«Да, осень подкралась ко мне незаметно, предательски», — с горечью думал Михеев, медленными шагами приближаясь к озеру и чувствуя во всем теле усталость. Воздух был насыщен сыростью и запахом увядающих трав сладковатым и терпким. Представил себе прозрачную до дна холодную озерную воду, в которой бы хорошо искупаться, чтобы взбодрить себя и прогнать усталость, однако знал: этого делать не станет. Прошли времена, когда рискованная купель проходила для него безнаказанно.
Придется уйти. Молодому уступить место придется. И скоро. Он это понял, побывав недавно на приеме у начальника войск. Был предварительный разговор о будущем заместителе.
— Вы хотели сказать: преемнике? — напрямик спросил он начальника войск и впервые почувствовал, как болезненно ему будет покинуть свой пост.
— Мы вас не торопим, однако готовить преемника нужно. Не мне вам говорить.
Михеев назвал фамилию Голова. Видно, у командующего был на примете другой человек. Он долго молчал, подперев голову кулаком и уставясь на огромную, во всю стену, карту страны с обозначенной на ней извилистой лентой границы.
— Вам с ним работать, — наконец услышал Михеев. — Представляйте на вашего Голова документы.
23
Он застал Голова в канцелярии. Подполковник стоял у окна, неестественно напряженный, опершись на неширокий, крашенный белилами подоконник. Перед ним вытянулся высокий солдат с несколько бледным лицом и щеголеватыми усиками.

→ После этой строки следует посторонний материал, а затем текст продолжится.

Lemma cube_shift_close {f G eta} :
  (forall x, cube d x -> differentiable f x) ->
  (forall x, cube d x -> differentiable G x) ->
  (forall x, cube d x -> enorm (grad f x - grad G x) <= eta) ->
  forall x, cube d x -> `|G x + (f 0 - G 0) - f x| <= d%:R * eta.
Proof.
move=> df dG fG x cx.
have -> : G x + (f 0 - G 0) - f x = (G - f) x - (G - f) 0 by rewrite !fctE; ring.
apply: cube_dist0_le cx => [p cp|p i cp]; first exact: differentiableB (dG p cp) (df p cp).
rewrite deriveB; [| exact: diff_derivable (dG p cp) | exact: diff_derivable (df p cp)].
have := enorm_coord_sub (grad f p) (grad G p) i; rewrite !mxE distrC => /le_trans.
by apply; exact: fG.
Qed.
End Cube.

Lemma exists_small_pos {R : realFieldType} (n : nat) (a b c : R) :
  0 < a -> 0 <= b -> 0 < c -> exists2 eta, 0 < eta & n%:R * eta < a /\ b * eta <= c.
Proof.
move=> a0 b0 c0; have n1 : (0 : R) < n%:R + 1 by rewrite ltr_wpDl.
exists (Num.min (a / (n%:R + 1)) (c / (b + 1))).
  by rewrite lt_min !divr_gt0 ?ltr_wpDl.
split.
- have : Num.min (a / (n%:R + 1)) (c / (b + 1)) <= a / (n%:R + 1) by rewrite ge_min lexx.
  rewrite ler_pdivlMr //; have := ler0n R n; nra.
- have : Num.min (a / (n%:R + 1)) (c / (b + 1)) <= c / (b + 1) by rewrite ge_min lexx orbT.
  rewrite ler_pdivlMr ?ltr_wpDl //.
  have : 0 < Num.min (a / (n%:R + 1)) (c / (b + 1)) by rewrite lt_min !divr_gt0 ?ltr_wpDl.
  nra.
Qed.

Lemma Gamma_fun_derive1 {R : realType} {T : R -> R} :
  C1_real T -> convex_fun1 T -> nondecr T -> Gamma_fun (derive1 T).
Proof.
move=> [dT cT'] cT nT; split=> //; split=> [x y|x]; first exact: convex_derive1_nondecr.
exact: nondecr_derive1_ge0.
Qed.

Lemma Gamma_fun_shift {R : realType} {g : R -> R} (beta : R) :
  Gamma_fun g -> Gamma_fun (fun y => g (y + beta)).
Proof.
move=> [cg [ng pg]]; split; last by split=> [x y xy|x]; [rewrite ng ?lerD2r | ].
move=> x; apply: continuous_comp; last exact: cg.
by apply: cvgD; [exact: cvg_id | exact: cvg_cst].
Qed.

«Шерстнев», — догадался Михеев, садясь в сторонке, у несгораемого шкафа. И вспомнил члена-корреспондента Академии наук Иннокентия Егоровича Шерстнева, маленького, округлого, с тугим животом, прикрытым полами добротно сшитого пиджака.
Сын не походил на отца ни ростом, ни обликом. Интересно, о чем они тут?
— Продолжайте, пожалуйста, — сказал он Голову. — Не смущайтесь, подбодрил солдата.
Голову это и нужно было:
— Нашли скромника! Этот засмущается! Почему на рожон лезете, я вас спрашиваю? Наказания не боитесь?
— Боюсь, товарищ подполковник. — Муха уселась Шерстневу на скулу, он подергивал кожей, силясь согнать ее.
— Мы предупреждали вас: еще одно происшествие, и дисциплинарным взысканием не отделаетесь. Что, прикажете и сейчас простить?
— Несколько месяцев осталось… Я как-нибудь по-пластунски… Если… без суда…
— Что по-пластунски? — Голов поморщился.
— Дослужу.
Плутовское выражение не сходило с лица Шерстнева, и Михеев, наблюдая за ним со своего места в углу, думал: парень-орех, о такого зубы искрошишь. Но решил до конца не вмешиваться — со стороны любопытнее. Вот он, оказывается, какой, сынок Иннокентия Егоровича, с которым встречались на партийных пленумах! Отец не сахар, а этот и вовсе полынь.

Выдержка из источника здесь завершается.